== Segment start ==
Theorem proposition3p15 (B : zmodType) (b : rackData -> B) :
  is_burnside_group b ->
  exists mul : B -> B -> B,
    (forall x y z, mul x (mul y z) = mul (mul x y) z) /\
    (forall x y, mul x y = mul y x) /\
    (forall x y z, mul (x + y) z = mul x z + mul y z) /\
    (forall x, mul (b starRack) x = x) /\
    (forall R' R, is_rack R' -> is_rack R -> mul (b R') (b R) = b (prodRack R' R)).
Proof.
move=> bB.
have [mul [mulDl mulDr mul_b]] := burnside_biadditive_lift bB
  (burnside_prodRack_relations_r bB) (burnside_prodRack_relations_l bB).
exists mul; split; [|split; [|split; [|split]]] => //.
- exact: burnside_mulA mulDl mulDr mul_b.
- exact: burnside_mulC mulDl mulDr mul_b.
- by move=> x y z; apply: mulDl.
- exact: burnside_mul1 mulDr mul_b.
Qed.
(* Consider a graph orientation instance whose graph $G=(V,E)$ is a star with center $v$ and leaf set $H_v=V\setminus\{v\}$, with arbitrary query costs. Let $L$ be the algorithm that queries $v$ and then queries every leaf that is mandatory, and $R$ the algorithm that queries all leaves and then queries $v$ if it is mandatory; so $\mathbb E[L]=c_v+\sum_{u\in H_v}p_uc_u$ and $\mathbb E[R]=p_vc_v+c(H_v)$. If $\mathbb E[L]=\mathbb E[R]$, then $\mathbb E[L]\le\frac43\mathbb E[\mathrm{OPT}]$.
   Context: An instance of the graph orientation problem consists of a graph $G=(V,E)$ and, for each vertex $u$, a query cost $c_u\ge0$ and a continuous distribution $d_u$ with minimal support interval $I_u$; for each edge the two intervals intersect. Weights $w_u\sim d_u$ are independent and querying $u$ reveals $w_u$ at cost $c_u$; $c(S)=\sum_{u\in S}c_u$. For a realization, $Q$ is a feasible query set if knowing $w_u$ for $u\in Q$ and only the intervals for unqueried vertices suffices to identify, for every edge, its endpoint of minimum weight; $\mathbb E[\mathrm{OPT}]$ is the expected minimum cost of a feasible query set. A vertex is mandatory for a realization if it belongs to every feasible query set; $p_u$ is the probability that $u$ is mandatory. (In a star, the center $v$ is mandatory iff $w_u\in I_v$ for some leaf $u$, and a leaf $u$ is mandatory iff $w_v\in I_u$.) *)

From HB Require Import structures.
From mathcomp Require Import all_boot all_order all_algebra.
From mathcomp Require Import all_classical all_reals all_analysis.
Set Implicit Arguments. Unset Strict Implicit. Unset Printing Implicit Defensive.
Import Order.TTheory GRing.Theory Num.Theory.
Local Open Scope classical_set_scope.
Local Open Scope ring_scope.

Section GraphOrientation.
Variables (R : realType) (V : finType).

Definition oint (a b : \bar R) : set R := [set x | (a < x%:E < b)%E].

Definition consistent (I : V -> set R) (w : V -> R) (Q : {set V}) (w' : V -> R) :=
  forall u, (u \in Q -> w' u = w u) /\ (u \notin Q -> I u (w' u)).

(* The endpoint of minimum weight of edge {x,y} is identified: some endpoint
   has weight <= the other one in every consistent weight vector. *)
Definition edge_determined I w Q (x y : V) :=
  exists z, (z = x \/ z = y) /\
    forall w', consistent I w Q w' -> w' z <= w' x /\ w' z <= w' y.

Definition feasible (E : rel V) I w Q :=
  forall x y, E x y -> edge_determined I w Q x y.

Definition qcost (c : V -> R) (Q : {set V}) : R := \sum_(u in Q) c u.

(* minimum cost of a feasible query set (setT is always feasible). *)
Definition opt (E : rel V) I (c : V -> R) w : R :=
  \big[Num.min/qcost c [set: V]%SET]_(Q : {set V} | `[< feasible E I w Q >]) qcost c Q.

Definition mandatory (E : rel V) I w (u : V) :=
  forall Q, feasible E I w Q -> u \in Q.

Definition star (v : V) : rel V :=
  fun x y => ((x == v) && (y != v)) || ((y == v) && (x != v)).

End GraphOrientation.

Section Prob.
Variables (R : realType) (d : measure_display) (T : measurableType d)
  (P : probability T R) (V : finType).
Local Open Scope ereal_scope.

Definition mutually_independent (W : V -> T -> R) :=
  forall B : V -> set R, (forall u, measurable (B u)) ->
    P (\bigcap_(u in [set: V]) (W u @^-1` B u)) = \prod_(u : V) P (W u @^-1` B u).

Definition atomless (X : T -> R) := forall x : R, P (X @^-1` [set x]) = 0.

(* oint a b is the (open) minimal support interval of the law of X:
   a = ess inf X, b = ess sup X. *)
Definition min_support_interval (X : T -> R) (a b : \bar R) :=
  a < b /\ P (X @^-1` oint a b) = 1 /\
  forall x : R, a < x%:E < b ->
    0 < P (X @^-1` [set y | y < x]%R) /\ 0 < P (X @^-1` [set y | x < y]%R).

Definition pmand (E : rel V) (I : V -> set R) (W : V -> T -> R) (u : V) :=
  P [set t | mandatory E I (fun x => W x t) u].

Definition EOPT (E : rel V) I (c : V -> R) (W : V -> T -> R) :=
  \int[P]_t (opt E I c (fun x => W x t))%:E.
End Prob.
Lemma lerB_lr_norm_restrict (R : realType) (r : R) n (v w : 'rV[R]_n) (W : pred 'I_n) :
  1 <= r ->
  (\sum_(i | W i) `|v 0 i| `^ r) `^ r^-1 - (\sum_(i | W i) `|w 0 i| `^ r) `^ r^-1 <=
  lr_norm r (v - w).
Proof.
move=> r1; have r0 : 0 < r := lt_le_trans ltr01 r1.
pose restr (z : 'rV[R]_n) i := if W i then z 0 i else 0.
have sum_restr (z : 'rV[R]_n) : \sum_(i | W i) `|z 0 i| `^ r = \sum_i `|restr z i| `^ r.
  rewrite big_mkcond; apply: eq_bigr => i _; rewrite /restr.
  by case: (W i); rewrite ?normr0 ?powR0 ?gt_eqF.
have restrB_le : (\sum_i `|restr v i - restr w i| `^ r) `^ r^-1 <= lr_norm r (v - w).
  apply: ge0_ler_powR; rewrite ?nnegrE ?invr_ge0 ?(ltW r0) //.
  - by apply: sumr_ge0 => i _; apply: powR_ge0.
  - by apply: sumr_ge0 => i _; apply: powR_ge0.
  apply: ler_sum => i _; rewrite /restr !mxE.
  by case: (W i); rewrite ?subr0 ?normr0 ?powR0 ?gt_eqF ?powR_ge0.
have := minkowski_sum (fun i => restr v i - restr w i) (restr w) r1.
under eq_bigr do rewrite subrK.
by rewrite !sum_restr lerBlDr => /le_trans; apply; rewrite lerD2r.
Qed.

Lemma lr_norm_eq1 (R : realType) (r : R) n (v : 'rV[R]_n) : 0 < r ->
  lr_norm r v = 1 -> \sum_i `|v 0 i| `^ r = 1.
Proof.
move=> r0; rewrite /lr_norm => v1.
rewrite -[LHS]powRr1; last by apply: sumr_ge0 => i _; apply: powR_ge0.
by rewrite -{1}(mulVf (lt0r_neq0 r0)) powRrM v1 powR1.
Qed.

Lemma a_const_ge (R : realType) (r eps : R) : (8 / eps + 3) `^ r <= (a_const r eps)%:R.
Proof.
rewrite /a_const natr_absz ger0_norm ?ceil_ge // ceil_ge0 //.
by apply: (lt_le_trans _ (powR_ge0 _ _)); rewrite ltrN10.
Qed.

Lemma a_const_gt3 (R : realType) (r eps : R) : 1 <= r -> 0 < eps -> (3 < a_const r eps)%N.
Proof.
move=> r1 eps0; rewrite -(ltr_nat R); apply: lt_le_trans (a_const_ge r eps).
have K3 : 3 < 8 / eps + 3 by rewrite ltrDr divr_gt0.
by apply: (lt_le_trans K3); apply: le1r_powR r1; lra.
Qed.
== Segment end ==
▸ Your instructions:
Which lines above run from the one containing "exists z, (z = x \/ z = y) /\" down to the one containing "Definition star (v"? Repeat exactly those, both ends included, and nothing else.

▸ Exercise response:
  exists z, (z = x \/ z = y) /\
    forall w', consistent I w Q w' -> w' z <= w' x /\ w' z <= w' y.

Definition feasible (E : rel V) I w Q :=
  forall x y, E x y -> edge_determined I w Q x y.

Definition qcost (c : V -> R) (Q : {set V}) : R := \sum_(u in Q) c u.

(* minimum cost of a feasible query set (setT is always feasible). *)
Definition opt (E : rel V) I (c : V -> R) w : R :=
  \big[Num.min/qcost c [set: V]%SET]_(Q : {set V} | `[< feasible E I w Q >]) qcost c Q.

Definition mandatory (E : rel V) I w (u : V) :=
  forall Q, feasible E I w Q -> u \in Q.

Definition star (v : V) : rel V :=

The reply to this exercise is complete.